_Exercise details_: Exactly the lines from the start of the data below through the line containing "Definition PA_prv (A" must be returned, and no others.
::::
(* the (open) axioms of arithmetic; free variables are read universally,
   realised by closing the axiom set under substitution below *)
Inductive arith_ax : aform -> Prop :=
| ax_refl : arith_ax (aeq (@var arith_sig 0) (@var arith_sig 0))
| ax_leibniz (A : aform) :
    arith_ax (impl (aeq (@var arith_sig 0) (@var arith_sig 1))
                   (impl (subst_form (sub_at 0) A) (subst_form (sub_at 1) A)))
| ax_succ_ne_zero : arith_ax (neg (aeq (succ (@var arith_sig 0)) zero))
| ax_succ_inj :
    arith_ax (impl (aeq (succ (@var arith_sig 0)) (succ (@var arith_sig 1)))
                   (aeq (@var arith_sig 0) (@var arith_sig 1)))
| ax_pr A : pr_eqn A -> arith_ax A
| ax_ind (A : aform) :
    arith_ax (impl (inst zero A)
               (impl (all (impl A (subst_form (scons (succ (@var arith_sig 0)) shift) A)))
                     (all A))).

Definition arith_axioms (A : aform) : Prop :=
  exists B s, arith_ax B /\ A = subst_form s B.

Definition PA_prv (A : aform) : Prop := tprv true arith_axioms A.
Definition HA'_prv (A : aform) : Prop := tprv false arith_axioms A.

(** [gg A -> ¬ ~A] is proved by induction on the negation normal form [A]: for
    literals it is double or triple negation introduction, and each connective of
    [gg A] is precisely what refutes the dual connective of [~A].  The same
    induction shows, classically, [¬A -> ~A], hence [¬ ~A -> A].
    For arithmetic, a PA-proof of [A] yields an HA'-proof of [gg A] by soundness of
    the Gödel-Gentzen translation, because the translated axioms are HA'-provable:
    they are double-negation weakenings of axioms, or instances of the equality and
    induction schemes for translated formulas.  Hence HA' proves [¬ ~A].  Conversely
    an HA'-proof of [¬ ~A] is a PA-proof, and [¬ ~A -> A] holds classically. *)

From Stdlib Require Import List.
Import ListNotations.

Set Implicit Arguments.

Section Substitution.
Context {S : signature}.

Fixpoint term_ind_forall (P : term S -> Prop) (Hvar : forall n, P (var n))
  (Hfunc : forall f v, Vector.Forall P v -> P (func f v)) (t : term S) : P t :=
  match t with
  | var n => Hvar n
  | func f v => Hfunc f v ((fix args n (w : Vector.t (term S) n) : Vector.Forall P w :=
       match w with
       | Vector.nil _ => Vector.Forall_nil P
       | Vector.cons _ x _ w' =>
           Vector.Forall_cons P x w' (term_ind_forall Hvar Hfunc x) (args _ w')
       end) _ v)
  end.

Lemma term_ind_in (P : term S -> Prop) (Hvar : forall n, P (var n))
  (Hfunc : forall f v, (forall t, Vector.In t v -> P t) -> P (func f v)) :
  forall t, P t.
Proof.
  apply term_ind_forall; [exact Hvar|].
  intros f v Hv. apply Hfunc, Vector.Forall_forall, Hv.
Qed.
::::
_Exercise response_:
(* the (open) axioms of arithmetic; free variables are read universally,
   realised by closing the axiom set under substitution below *)
Inductive arith_ax : aform -> Prop :=
| ax_refl : arith_ax (aeq (@var arith_sig 0) (@var arith_sig 0))
| ax_leibniz (A : aform) :
    arith_ax (impl (aeq (@var arith_sig 0) (@var arith_sig 1))
                   (impl (subst_form (sub_at 0) A) (subst_form (sub_at 1) A)))
| ax_succ_ne_zero : arith_ax (neg (aeq (succ (@var arith_sig 0)) zero))
| ax_succ_inj :
    arith_ax (impl (aeq (succ (@var arith_sig 0)) (succ (@var arith_sig 1)))
                   (aeq (@var arith_sig 0) (@var arith_sig 1)))
| ax_pr A : pr_eqn A -> arith_ax A
| ax_ind (A : aform) :
    arith_ax (impl (inst zero A)
               (impl (all (impl A (subst_form (scons (succ (@var arith_sig 0)) shift) A)))
                     (all A))).

Definition arith_axioms (A : aform) : Prop :=
  exists B s, arith_ax B /\ A = subst_form s B.

Definition PA_prv (A : aform) : Prop := tprv true arith_axioms A.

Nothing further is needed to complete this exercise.